Due to discontinuity issues, using web archives corpora to visualize the evolution of web resources at scale was not deeply explored by scholars. The most convincing diachronic analysis were conducted from a qualitative historical or historiographical perspective such as: the study of the 90s “web of pros” (Schafer & Thierry, Citation2016), the observation of diasporic online communities (Gebeil, Citation2019) or the analysis of dying web sites (Mackinnon, Citation2022). Tools used to fulfill these studies were search engines parameterized for browsing single archived web sites (AlSum, Citation2015) or pages (Jatowt et al., Citation2008). Quantitative approaches mostly relied on temporal series of hyperlinks graphs in the wake of the pioneer works of M. Toyoda and M. Kitsuregawa (Toyoda & Kitsuregawa, Citation2005). These approaches gave birth to practical tools like webverseFootnote8 or Linkgate.Footnote9 The hyperlink analysis method was also used to study individual web sites (Raffal, Citation2018), large communities (Brügger, Citation2022) or national sub-spaces of the web (Ben-David, Citation2016; Hale et al., Citation2014; Holzmann et al., Citation2016; Weltevrede & Helmond, Citation2012). Some studies smartly bypass the complexity of studying archives evolution by using visual data analysis (Ben-David et al., Citation2018; Cocciolo, Citation2015), text analysis (Schafer et al., Citation2019) or crawler’s log analysis (Nielsen, Citation2019). Despite having played a key part in the history of web archives analysis, these past works cannot be generalized (or hardly) to other research questions as they remain connected to a specific topic, a given level of complexity or a sub-element of archived resources (image, title, links, etc.). In this paper, we aim for building a agnostic and multi-level methodology of exploration that could be applied to and from various contexts. For this reason, we are particularly interested by the work of B. Fry: the Anemone project (Fry, Citation2000). As far as we know, this visualization is the first and only attempt to reconstruct the dynamic evolution of a single archived web site in a generic perspective. The Anemone results in an explorable graphical space where one can witness the emergence of entire sub-parts of an archived web site over time. We will use this work as inspiration for our own contribution.

4.2.4. Phylomemies

Phylomemies are inheritance networks of textual elements (Chavalarias et al., Citation2022; Lobbé et al., Citation2022) designed to reconstruct the evolution of semantic landscapes from raw texts.
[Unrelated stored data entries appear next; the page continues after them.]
Section OrthoprojLin.
Variables (R : realType) (n : nat) (E : 'cV[R]_n -> Prop) (g : 'cV[R]_n).
Hypothesis Eg : E g.
Local Notation P := (orthoproj (orthc (Lin E))).

Lemma orthoproj_LinT : P^T = P.
Proof.
have [k [B [TE _]]] := exists_kernel_orthc_Lin Eg.
by rewrite (orthoproj_kerproj TE) kerprojT.
Qed.

Lemma orthoproj_Lin_idem : P *m P = P.
Proof.
have [k [B [TE _]]] := exists_kernel_orthc_Lin Eg.
by rewrite (orthoproj_kerproj TE) kerproj_idem.
Qed.

Lemma orthoproj_Lin_fixE t : orthc (Lin E) t <-> P *m t = t.
Proof.
have [k [B [TE _]]] := exists_kernel_orthc_Lin Eg; rewrite TE (orthoproj_kerproj TE).
by split=> [/kerproj_id // | <-]; rewrite mulmxA mulmx_kerproj mul0mx.
Qed.

Lemma aff_orthoprojE v : aff E v <-> P *m v = P *m g.
Proof.
have [k [B [TE affE]]] := exists_kernel_orthc_Lin Eg.
rewrite affE (orthoproj_kerproj TE) -kerproj_eq0 mulmxBr.
by split=> [/eqP | ->]; [rewrite subr_eq0 => /eqP | rewrite subrr].
Qed.

End OrthoprojLin.

Lemma penrose_mul_proj (R : realType) p n (Phi : 'M[R]_(p, n)) (P : 'M[R]_n) X :
  P^T = P -> P *m P = P ->
  (forall z : 'cV[R]_n, P *m z = z -> Phi *m z = 0 -> z = 0) ->
  penrose (Phi *m P) X ->
  forall v : 'cV[R]_n, P *m v = v -> X *m (Phi *m P) *m v = v.
Proof.
move=> PT PP Phi_inj [MXM _ _ XMT] v Pv.
have PXM : P *m (X *m (Phi *m P)) = X *m (Phi *m P).
  by rewrite -XMT !trmx_mul PT !mulmxA PP.
set M := Phi *m P in MXM PXM *; set z := v - X *m M *m v.
have Pz : P *m z = z by rewrite /z mulmxBr Pv mulmxA PXM.
have Mz : M *m z = 0 by rewrite /z mulmxBr mulmxA (mulmxA M X M) MXM subrr.
by apply/esym/subr0_eq/(Phi_inj _ Pz); rewrite -Pz mulmxA.
Qed.

Theorem proposition1 (R : realType) (N P : nat) (J : 'cV[R]_N -> R)
  (Phi : 'M[R]_(P, N)) (x0 : 'cV[R]_N) :
  convex_fun J ->
  (forall x : 'cV[R]_N, Tspace J x0 x -> Phi *m x = 0 -> x = 0) ->
  forall g : 'cV[R]_N, subdiff J x0 g ->
  etaF J Phi x0 =
    Phi^T *m (mp_pinv (Phi *m orthoproj (Tspace J x0)))^T
      *m (orthoproj (Tspace J x0) *m g).
Proof.
move=> _ Phi_inj g Eg; rewrite /etaF /Tspace in Phi_inj *.
set Pr := orthoproj _; set X := mp_pinv _.
have PrT : Pr^T = Pr := orthoproj_LinT Eg.
have XP : penrose (Phi *m Pr) X := mp_pinvP _.
have constraintE q :
    aff (subdiff J x0) (Phi^T *m q) <-> (Phi *m Pr)^T *m q = Pr *m g.
  by rewrite aff_orthoprojE // trmx_mul PrT mulmxA.
have XMg : X *m (Phi *m Pr) *m (Pr *m g) = Pr *m g.
  apply: penrose_mul_proj PrT (orthoproj_Lin_idem Eg) _ XP _ _.
    by move=> z /(orthoproj_Lin_fixE Eg) /Phi_inj.
  by rewrite mulmxA (orthoproj_Lin_idem Eg).
have feasible : (Phi *m Pr)^T *m (X^T *m (Pr *m g)) = Pr *m g.
  by have [_ _ _ XMT] := XP; rewrite mulmxA -trmx_mul XMT XMg.
rewrite (@argmin_normE _ _ _ (X^T *m (Pr *m g))); first exact: mulmxA.
  exact/constraintE.
by move=> q /constraintE; apply: penrose_min_norm (penrose_tr XP) feasible.
Qed.
(* A violation minimizing [(ak - ai) + (bk - bj)] is tight. *)
Lemma exists_tight_violation r c u v mv nv ai bj ak bk :
  chain r c u mv -> chain c r v nv -> violation_at r c u v mv nv ai bj ak bk ->
  exists ai bj ak bk, violation_at r c u v mv nv ai bj ak bk /\
    tight_at r c u v mv nv ai bj ak bk.
Proof.
move=> HM HN; move: {2}(ak - ai + (bk - bj)).+1 (ltnSn (ak - ai + (bk - bj))) => n.
elim: n ai bj ak bk => // n IH ai bj ak bk lt_n V.
have shrunk (ai' bj' ak' bk' : nat) : violation_at r c u v mv nv ai' bj' ak' bk' /\
    ak' - ai' + (bk' - bj') < ak - ai + (bk - bj) ->
    exists ai bj ak bk,
      violation_at r c u v mv nv ai bj ak bk /\ tight_at r c u v mv nv ai bj ak bk.
  by case=> V' lt'; apply: IH V'; lia.
case: (boolP [exists a : 'I_ak,
    (ai < a) && ~~ ((r (nv bj) < r (mv a)) && (mv a \notin mkseq nv v))]).
  case/existsP => a /andP [aia bad].
  have aiak : ai < a < ak by rewrite aia ltn_ord.
  have [ai' [bj' [ak' [bk' H]]]] := violation_shrink HM HN V aiak bad.
  exact: shrunk H.
move/existsPn => tightM.
case: (boolP [exists b : 'I_bk,
    (bj < b) && ~~ ((c (mv ai) < c (nv b)) && (nv b \notin mkseq mv u))]).
  case/existsP => b /andP [bjb bad].
  have bjbk : bj < b < bk by rewrite bjb ltn_ord.
  have [bj' [ai' [bk' [ak' [V' lt']]]]] :=
    violation_shrink HN HM (violation_at_sym V) bjbk bad.
  by apply: (shrunk ai' bj' ak' bk'); split; [apply: violation_at_sym | lia].
move/existsPn => tightN.
exists ai, bj, ak, bk; split=> //; split.
- move=> a /andP [aia aak]; have := tightM (Ordinal aak); rewrite /= aia /= negbK.
  by case/andP => ??.
- move=> b /andP [bjb bbk]; have := tightN (Ordinal bbk); rewrite /= bjb /= negbK.
  by case/andP => ??.
Qed.

Lemma tight_segment_notin r c u v mv nv ai bj ak bk :
  chain c r v nv -> violation_at r c u v mv nv ai bj ak bk ->
  tight_at r c u v mv nv ai bj ak bk ->
  forall a, ai <= a < ak -> mv a \notin mkseq nv v.
Proof.
move=> HN [[_ bjv _ _ _] [Ai Aj R C ne]] [tM _] a /andP [aia aak].
case: (ltngtP ai a) => [lt | | <-]; [by have [] := tM a (introT andP (conj lt aak)) | lia |].
by apply: (notin_chain_cross HN bjv); rewrite ?Ai ?Aj //; lia.
Qed.

Lemma shorter_segment_closer r c u v mv nv ai bj ak bk :
  chain r c u mv -> chain c r v nv -> violation_at r c u v mv nv ai bj ak bk ->
  tight_at r c u v mv nv ai bj ak bk -> ak - ai < bk - bj ->
  closer_chain r c u v mv nv.
Proof.
move=> HM HN V T' lt; have [[aiu bjv aku bkv Ek] [Ai Aj R C ne]] := V.
have aik : ai < ak.
  by case: (leqP ak ai) => // le; have [] := chain_le HM le aiu; lia.
set t := bk - (ak - ai).
have [bjt tbk] : bj < t /\ t < bk by rewrite /t; lia.
have [ct _] := T'.2 t (introT andP (conj bjt tbk)).
have [_ k1] := chain_le HN (ltnW tbk) bkv.
have [r2 k2] := HN _ _ bjt (ltn_trans tbk bkv).
move: k1 k2; rewrite -Ek => k1 k2.
have At : arr (nv t) = arr (nv bk) by rewrite -Ek; lia.
apply: (splice_closer HM HN aik aku tbk bkv _ Ek At).
- rewrite /t; lia.
- exact: tight_segment_notin HN V T'.
- move=> b /andP [tb bbk]; have [] := T'.2 b; [apply/andP; split | ]; lia.
- lia.
- move=> ai0; have [_ k0] := HM ai.-1 ai ltac:(lia) aiu.
  by move: k0; rewrite At -Ek; lia.
Qed.

(* If neither segment can be spliced into the other chain, the entries just
   before the two segments cross again: both segments extend one step to
   the left. *)
Lemma equal_segment_closer r c u v mv nv s t ak bk :
  chain r c u mv -> chain c r v nv ->
  s < ak -> ak < u -> t < bk -> bk < v -> ak - s = bk - t -> mv ak = nv bk ->
  arr (mv s) = arr (mv ak) -> arr (nv t) = arr (mv ak) ->
  (forall a, s <= a < ak -> mv a \notin mkseq nv v) ->
  (forall b, t <= b < bk -> nv b \notin mkseq mv u) ->
  r (mv s) <= r (nv t) -> c (nv t) <= c (mv s) ->
  closer_chain r c u v mv nv \/ closer_chain c r v u nv mv.
Proof.
move=> HM HN; elim: s t => [|s IH] t sak aku tbk bkv len Ek As At outM outN rs ct.
  left; apply: (splice_closer HM HN sak aku tbk bkv len Ek _ outM outN rs) => //.
  by rewrite At Ek.
case: (boolP (key_lt c (mv s) (nv t))).
  move=> keyM; left; apply: (splice_closer HM HN sak aku tbk bkv len Ek _ outM outN rs) => //.
  by rewrite At Ek.
case: t tbk len At outN rs ct => [|t] tbk len At outN rs ct keyM.
  by right; apply: (splice_closer HN HM tbk bkv sak aku (esym len) (esym Ek) _ outN outM ct).
case: (boolP (key_lt r (nv t) (mv s.+1))).
  move=> keyN; right.
  exact: (splice_closer HN HM tbk bkv sak aku (esym len) (esym Ek) _ outN outM ct).
move=> keyN.
have [rM kM] := HM s s.+1 (ltnSn s) ltac:(lia).
have [cN kN] := HN t t.+1 (ltnSn t) ltac:(lia).
have As' : arr (mv s) = arr (mv ak) by lia.
have At' : arr (nv t) = arr (mv ak) by lia.
have outM' a : s <= a < ak -> mv a \notin mkseq nv v.
  case/andP; rewrite leq_eqVlt => /orP [/eqP <- _ | sa aak]; last by apply: outM; lia.
  apply: (notin_chain_cross HN (ltac:(lia) : t < v)); rewrite ?As' ?At' //; try lia.
  by apply/eqP => E; move: rM rs; rewrite E; lia.
have outN' b : t <= b < bk -> nv b \notin mkseq mv u.
  case/andP; rewrite leq_eqVlt => /orP [/eqP <- _ | tb bbk]; last by apply: outN; lia.
  apply: (notin_chain_cross HM (ltac:(lia) : s < u)); rewrite ?As' ?At' //; try lia.
  by apply/eqP => E; move: rM rs; rewrite -E; lia.
apply: (IH t); rewrite ?As' ?At' //; lia.
Qed.

Theorem violation_closer_chain r c u v mv nv ai bj ak bk :
  chain r c u mv -> chain c r v nv -> violation_at r c u v mv nv ai bj ak bk ->
  closer_chain r c u v mv nv \/ closer_chain c r v u nv mv.
Proof.
move=> HM HN /(exists_tight_violation HM HN) [{}ai [{}bj [{}ak [{}bk [V T']]]]].
have V' := violation_at_sym V.
have T'' : tight_at c r v u nv mv bj ai bk ak by case: T' => ??; split.
case: (ltngtP (ak - ai) (bk - bj)) => len.
- by left; apply: shorter_segment_closer V T' len.
- by right; apply: shorter_segment_closer V' T'' len.
- have [[aiu bjv aku bkv Ek] [Ai Aj R C _]] := V.
  have aik : ai < ak.
    by case: (leqP ak ai) => // le; have [] := chain_le HM le aiu; lia.
  apply: (equal_segment_closer HM HN aik aku _ bkv len Ek Ai Aj); try lia.
  - exact: tight_segment_notin HN V T'.
  - exact: tight_segment_notin HM V' T''.
Qed.

End Chains.

Section LexOrder.
Variables (Q : quiver) (w : Var Q -> nat).
Hypothesis w_inj : injective w.
Local Notation mono := (monoR Q).

Lemma lex_gt_irr (a : mono) : lex_gt w a a = false.
Proof. by apply/existsP => [[v /andP [h _]]]; rewrite ltnn in h. Qed.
The phylomemy reconstruction process thus combines advanced text-mining methods, scientometrics, visualizations, and methods for the reconstruction of evolving complex networks to reconstruct the latent semantic structures of an unstructured but time-stamped set of textual documents. In what follows, we will reconstruct phylomemies from web archival materials and in order to study the history of online debates and the evolution of topics within dead web sites.

5. Materials

Our article intends to resolve the discontinuity problem of web archives and then to put our solution into practice by analysing a real set of archived resources from a multi-level perspective. Of course, we want our case study and experimental material to be of interest for historians. We have thus decided to explore the archives of the dead community of web sites firsttuesday due to its historical importance for late 90s digital capitalism and because of its complex structure as network with a central hub firsttuesday.com that gathered online and offline communities of entrepreneurs and investors divided into regional chapters. This collection of 37 archived web sites can thus be indicative of historical networks of individuals beyond the past web.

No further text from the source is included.